In a cross rolling mill according to a fifth embodiment, as shown in FIG. 11, an upper crosshead 21 on an entry side in an upper work roll 14 is movable by a hydraulic cylinder mechanism 111, while an upper crosshead 22 on a delivery side is movable by a screw mechanism 112. An upper crosshead 25 on an entry side in an upper backup roll 18 is movable by a hydraulic cylinder mechanism 113, while a crosshead 26 on a delivery side is movable by a screw mechanism 114. A lower work roll and a lower backup roll are also structured similarly.

The hydraulic cylinder mechanism 111, as in the aforementioned embodiments, is composed of a cylinder 115, a piston 117 connected to a rod 116, a hydraulic pump 118, and a hydraulic supply and discharge pipe 119, and a contraction portion 120 and an enlarged portion 121 are provided in the hydraulic supply and discharge pipe 119. Likewise, the hydraulic cylinder mechanism 113 is composed of a pair of cylinders 122a and 122b, pistons 124a, 124b connected to rods 123a, 123b, and hydraulic supply and discharge pipes 125a, 125b.
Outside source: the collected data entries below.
(* For $k\ge0$ let $(\mathfrak{S}Sym)^k$ be the span of $\{\mathcal{M}_u:u\in\mathfrak{S}^k\}$, where $\mathfrak{S}^0=\mathfrak{S}_0$ and, for $k\ge1$, $\mathfrak{S}^k=\bigsqcup_{n\ge1}\{u\in\mathfrak{S}_n: \#\mathrm{GDes}(u)=k-1\}$. Then $\mathfrak{S}Sym=\bigoplus_{k\ge0}(\mathfrak{S}Sym)^k$ is a coalgebra grading, i.e. $\Delta((\mathfrak{S}Sym)^k)\subseteq\bigoplus_{i=0}^k(\mathfrak{S}Sym)^i\otimes(\mathfrak{S}Sym)^{k-i}$, and with this grading $\mathfrak{S}Sym$ is isomorphic as a graded coalgebra to the cofree graded coalgebra $Q(V)$ on $V=(\mathfrak{S}Sym)^1$.
   Context: Permutations in one-line notation, product is composition; $\mathfrak{S}_0$ has one element. $\mathrm{GDes}(u)=\{p\in[n-1]:u_i>u_j\text{ for all }i\le p<j\}$. $\mathrm{st}(a_1,\ldots,a_m)\in\mathfrak{S}_m$ is the permutation with the same relative order as the distinct integers $a_i$; $u\times v\in\mathfrak{S}_{p+q}$ for $u\in\mathfrak{S}_p,v\in\mathfrak{S}_q$ has $(u\times v)(i)=u_i$ ($i\le p$), $(u\times v)(p+j)=p+v_j$. $\mathfrak{S}Sym$ is the Hopf algebra over $\mathbb{Q}$ with basis $\{\mathcal{F}_u:u\in\mathfrak{S}_n,n\ge0\}$, product $\mathcal{F}_u\cdot\mathcal{F}_v=\sum_\zeta\mathcal{F}_{(u\times v)\zeta^{-1}}$ over $\zeta\in\mathfrak{S}_{p+q}$ increasing on $[1,p]$ and on $[p+1,p+q]$, coproduct $\Delta(\mathcal{F}_u)=\sum_{p=0}^n\mathcal{F}_{\mathrm{st}(u_1..u_p)}\otimes\mathcal{F}_{\mathrm{st}(u_{p+1}..u_n)}$. Weak order: $u\le v$ iff $\mathrm{Inv}(u)\subseteq\mathrm{Inv}(v)$, $\mathrm{Inv}(u)=\{(i,j):i<j,u_i>u_j\}$; Möbius function $\mu$. $\mathcal{M}_u=\sum_{v\ge u}\mu(u,v)\mathcal{F}_v$. For a vector space $V$, $Q(V)=\bigoplus_{k\ge0}V^{\otimes k}$ graded by $k$, with deconcatenation coproduct $\Delta(v_1\otimes\cdots\otimes v_k)=\sum_{i=0}^k(v_1\otimes\cdots\otimes v_i)\otimes(v_{i+1}\otimes\cdots\otimes v_k)$ and counit vanishing on $V^{\otimes k}$, $k\ge1$. *)

From HB Require Import structures.
From mathcomp Require Import all_boot all_order all_algebra.
From mathcomp Require Import finmap.
From mathcomp Require Import monalg.
Set Implicit Arguments. Unset Strict Implicit. Unset Printing Implicit Defensive.
Import Order.TTheory GRing.Theory Num.Theory.

Definition is_perm (s : seq nat) : bool := perm_eq s (iota 1 (size s)).

Record Perm := MkPerm { pseq : seq nat; pseqP : is_perm pseq }.
HB.instance Definition _ := [isSub for pseq].
HB.instance Definition _ := [Choice of Perm by <:].

Definition perm0 : Perm := @MkPerm [::] erefl.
Contraction portions 126a, 126b and enlarged portions 127a, 127b are provided in the hydraulic supply and discharge pipes 125a, 125b.

Thus, when the cross angle of the work roll 14 is to be set, the hydraulic cylinder mechanisms 111, 113 and the screw mechanisms 112, 114 are actuated synchronously. In this case, a hydraulic pressure is supplied and discharged from the hydraulic pump 118 via the hydraulic supply and discharge pipes 119, 125a, 125b. During rolling, pressure changes responsive to hydraulic cylinder changes according to mill vibrations occur in the supply and discharge pipes. If the frequency of a pressure wave as an excitation source becomes close to columnar resonance frequency, a resonance phenomenon may occur. This columnar resonance frequency f can be calculated from the following equation:

f=(C/2L)·n

where L is the length of piping (the length from the hydraulic pump 118 to the contraction portion 120, 126a or 126b), c is the sound velocity, and n is mode. If the length of the piping is shortened, the columnar resonance frequency f can be made higher than the natural value of mill vibrations targeted, and resonance can be avoided. With a rolling mill, however, the length of piping from the hydraulic source (hydraulic pump) to the hydraulic cylinder mechanism is determined beforehand, and is difficult to shorten.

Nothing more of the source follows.